May 2023 marked 75 years since the iconic independent label Folkways Records was founded by Moses Asch and Marian Distler in New York City. In that time, it has become one of the world’s most iconic collections of music and sound, spanning thousands of albums from foundational American folk music to the sounds of everyday life around the world.

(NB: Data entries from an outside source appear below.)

Section Anticommutation.
Variables (R : comNzRingType) (G : groupType) (st : G -> G) (sigma : G -> R).
Hypotheses (hchar : (2%:R : R) != 0)
           (sigma_unit : forall x : G, exists y : R, sigma x * y = 1)
           (hS : anticommS sigma st).

Definition sum_conj (x : G) : RG R G := [:: (1, x); (sigma x, st x)].

Lemma inS_gen a : genS sigma st a -> inS sigma st a.
Proof.
move=> ga; have := inS_cons 1 ga (inS_nil sigma st).
have -> : scaleRG 1 a = a.
  by rewrite /scaleRG -[RHS]map_id; apply: eq_map => -[r g] /=; rewrite mul1r.
by rewrite /addRG cats0.
Qed.

Lemma inS_sum_conj x : st x != x -> inS sigma st (sum_conj x).
Proof. by move=> hx; apply: inS_gen; right; right; exists x. Qed.

Lemma inS_two_fixed z : st z = z -> 2%:R * (1 - sigma z) = 0 ->
  inS sigma st [:: (2%:R, z)].
Proof.
move=> hz h2; apply: inS_gen; have [hs|hs] := eqVneq (sigma z) 1.
  by left; exists z.
by right; left; exists z, 2%:R.
Qed.

Lemma mulr_sigma_eq0 r g : (r * sigma g == 0) = (r == 0).
Proof.
have [w hw] := sigma_unit g; apply/eqP/eqP => [r0|->]; last by rewrite mul0r.
by rewrite -[r]mulr1 -hw mulrA r0 mul0r.
Qed.

Lemma sigma_neq0 g : sigma g != 0.
Proof. by rewrite -[sigma g]mul1r mulr_sigma_eq0 oner_neq0. Qed.

Lemma two_sigma_neq0 g : 2%:R * sigma g != 0.
Proof. by rewrite mulr_sigma_eq0. Qed.

Lemma double_sigma_neq0 g : sigma g + sigma g != 0.
Proof. by rewrite -mulr2n -mulr_natl two_sigma_neq0. Qed.

Local Open Scope group_scope.

Lemma sum_conj_sq x : st x != x ->
  [/\ commute x (st x), st x * st x = x * x & (4%:R : R) = 0].
Proof.
move=> hx; have := hS (inS_sum_conj hx) (inS_sum_conj hx).
rewrite /zeroRG /addRG /= => aa0.
have xX : (x == st x) = false by rewrite eq_sym (negbTE hx).
have sqX : st x * st x = x * x.
  have := aa0 (x * x).
  rewrite !coef_cons coef_nil !eqxx ?eqg_mul2l ?eqg_mul2r ?xX ?(negbTE hx) /=.
  by case: eqP => // _ c0; exfalso; move/eqP: hchar; apply; rewrite -c0; ring.
have := aa0 (x * st x).
rewrite !coef_cons coef_nil !eqxx ?eqg_mul2l ?eqg_mul2r ?xX ?(negbTE hx) /=.
case: eqP => [Xx c0|_ c0]; last first.
  by exfalso; move/eqP: (two_sigma_neq0 x); apply; rewrite -c0; ring.
split=> //; apply/eqP; rewrite -(mulr_sigma_eq0 _ x) -c0; apply/eqP; ring.
Qed.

Since 1948, the music released on Folkways has defined and redefined the fabric of American music many times over: Woody Guthrie sang the nation into our collective imagination with “This Land Is Your Land,” the Anthology of American Folk Music played a pivotal role in defining ’60s counterculture, the ecstatic swing of Mary Lou Williams predicted spiritual jazz, the groundbreaking chance-based music of John Cage upended classical music, Ella Jenkins’s music has nurtured generations of children to adulthood, we heard the first glimpses at the genius of Lucinda Williams, and countless more. The label also steadfastly documented the sounds of the entire world, with hundreds of recordings to be found from every populated continent. After Asch’s death and the label’s acquisition by the Smithsonian Institution in the late 1980s, Smithsonian Folkways Recordings has continued the mission of Folkways to record music of, by, and for the people, releasing acclaimed albums by Elizabeth Mitchell, Our Native Daughters, Dom Flemons, Kronos Quartet, and many more.